Sad. I figured master’s degrees would be required for my kids in the future, but not because bachelor’s degrees would be worth diddly squat.
The wrong way to fix it:
“This sends a message that we should be monitoring this as a nation, and we don’t do it,” Finney said. “States have no idea about the knowledge and skills of their college graduates.”
Monitoring this as a nation? With some government agency that will throw money at this problem? Please, no.
The answer to this is less subsidy, not more. Consumers still pick colleges. Let the state colleges raise their rates and publish literacy rates to contest for bodies. Employers can use the literacy data among the other data they collect now to weigh the worth of one college’s degrees over another, and they can donate to or subsidize those colleges that perform better. Colleges can cut their cost by requiring literacy prior to admission, thus saving the college money in hiring remedial teachers.
We can blame the high schools, sure, but that’s a natural consequence of funding disconnected from results.

January 22nd, 2006 at 8:48 am
Dan, I like this post and agree with your solution. I recently talked to one of my math buddies who teaches at Wichita State Uni. He was complaining about a class he has to teach to ‘circumvent’ college algebra for math education majors. He was appalled that a lot of his ‘math teacher’ students couldn’t factor the difference of squares, let alone name it appropriately [i.e., (x^2-y^2) = (x-y)(x+y)].
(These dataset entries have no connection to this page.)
Lemma natr_card_GL_set (R : realType) (K : finFieldType) a :
  (#|GL_set K a|%:R : R) = #|K|%:R ^+ (a * a) * Kq_partial R #|K| a.
Proof.
have Q0 : (#|K|%:R : R) != 0 by rewrite pnatr_eq0 -lt0n; apply/card_gt0P; exists 0.
rewrite card_GL_set; elim: a => [|a IH].
  by rewrite big_geq // bin_small // Kq_partial0 expn0 muln1 mul0n expr0 mulr1.
rewrite binS bin1 expnD big_nat_recr //= mulnACA natrM IH Kq_partialS natrM.
rewrite natrB ?expn_gt0 ?(leq_trans _ (card_finNzRing_gt1 K)) // !natrX exprVn.
have -> : (a.+1 * a.+1 = a * a + a + a.+1)%N by lia.
by rewrite !exprD; field; rewrite !expf_neq0.
Qed.

Theorem proposition6 (R : realType) (q m n k : nat) (K : finFieldType)
  (HK : #|K| = q) (C : {set 'M[K]_(m, n)})
  (Hnm : (n <= m)%N) (Hk1 : (1 <= k)%N) (Hkn : (k <= n)%N)
  (HC : #|C| = (q ^ (m * k))%N)
  (Hd : min_rank_dist C (n - k + 1)) :
  let t := ((n - k + 1 - 1)./2)%N in
  forall (c : 'M[K]_(m, n)) (u : nat), c \in C ->
    (n - k + 1 - t <= u)%N -> (u <= n)%N ->
    PE R C c t u < (q%:R : R) ^- (t * t) / (Kq R q) ^+ 2.
Proof.
move=> t c u cC _ un; subst q.
have C_dist : {in C &, forall c1 c2, c1 != c2 -> (n - k < \rank (c1 - c2)%R)%N}.
  by move=> c1 c2 c1C c2C; rewrite -addn1; apply: Hd.1.
have tr : (t.*2 <= n - k)%N by rewrite /t addnK -{2}(odd_double_half (n - k)) leq_addl.
have rm : (n - k <= m)%N by rewrite (leq_trans (leq_subr _ _)).
have tn : (t <= n)%N.
  by rewrite (leq_trans _ (leq_subr k n)) // (leq_trans _ tr) // -addnn leq_addr.
apply: (@ratio_lt_Kq R _ (card_finNzRing_gt1 K) _ _ m t).
  by apply/card_gt0P; exists (pid_mx u); rewrite inE /rk rank_pid_mx // (leq_trans un).
rewrite -!natr_card_GL_set -natrX -!natrM ler_nat /rk.
exact (card_dec_error_le C_dist cC rm tr tn Hnm un).
Qed.
Fixpoint countN (A : PosNat -> Prop) (n : nat) : R :=
  match n with
  | O => 0
  | S m => countN A m + indic (A (exist (fun k => (0 < k)%nat) (S m) (Nat.lt_0_succ m)))
  end.

Definition has_density (A : PosNat -> Prop) (l : R) : Prop :=
  is_lim_seq (fun n => countN A n / INR n) (Finite l).

Definition in_D (A : PosNat -> Prop) : Prop := exists l, has_density A l.

Definition density_measure (mu : (PosNat -> Prop) -> R) : Prop :=
  (forall A, 0 <= mu A <= 1) /\
  mu fullN = 1 /\
  (forall A B, disjointN A B -> mu (unionN A B) = mu A + mu B) /\
  (forall A l, has_density A l -> mu A = l).

Definition lower_dd (A : PosNat -> Prop) : R :=
  real (Lub_Rbar (fun l => exists B, subsetN B A /\ has_density B l)).

Definition upper_dd (A : PosNat -> Prop) : R :=
  real (Glb_Rbar (fun l => exists C, subsetN A C /\ has_density C l)).

From Stdlib Require Import Reals.
From Coquelicot Require Import Coquelicot.
Open Scope R_scope.
From Stdlib Require Import Lra Lia Classical ClassicalEpsilon FunctionalExtensionality PropExtensionality.
From mathcomp Require classical_sets.

(* A density measure is monotone, so [mu A] is squeezed between the densities of the
   subsets and of the supersets of [A]. The Cesàro
   mean is a positive linear functional, and it extends positively to [indicator A] with
   value [x]: if [g >= indicator A] has Cesàro mean [r], a greedy construction yields a
   superset of [A] of density exactly [r], whence [x <= upper_dd A <= r] (and dually for
   [g <= indicator A]). By Zorn's lemma this extends to a maximal positive linear
   functional, which by the one-dimensional extension step of Hahn-Banach is defined on
   every function with values in [0, 1]; on indicators it is a density measure. *)

Section PositiveExtension.

Context {X : Type}.

(* Graph of a positive linear functional on a subspace of [X -> R]; single-valuedness
   follows from positivity ([pl_functional]). *)
Record positive_linear (G : (X -> R) * R -> Prop) : Prop := {
  pl_zero : G (fun _ => 0, 0);
  pl_add : forall f g r s, G (f, r) -> G (g, s) -> G (fun x => f x + g x, r + s);
  pl_scale : forall f r a, G (f, r) -> G (fun x => a * f x, a * r);
  pl_pos : forall f r, G (f, r) -> (forall x, 0 <= f x) -> 0 <= r }.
Dr. Paulos, in his book ‘Innumeracy’, describes the nation as a whole with this problem. I can see it in my lab: engineers who don’t want to think outside of their box, ‘Oh, that’s a math or physics problem - i don’t know how to do that.’ Or worse from non-engineers: the lack of knowledge of some basic fractions, percentages and college algebra by those who claim ‘experience’ as their champion.
Finally, I am just not impressed by the education system in Kansas. I got schooled in Colorado schools and even as a non-traditional student I know more than those young Kansas students. I’m not an ed major just a math major.
This is a subject near and dear to my heart.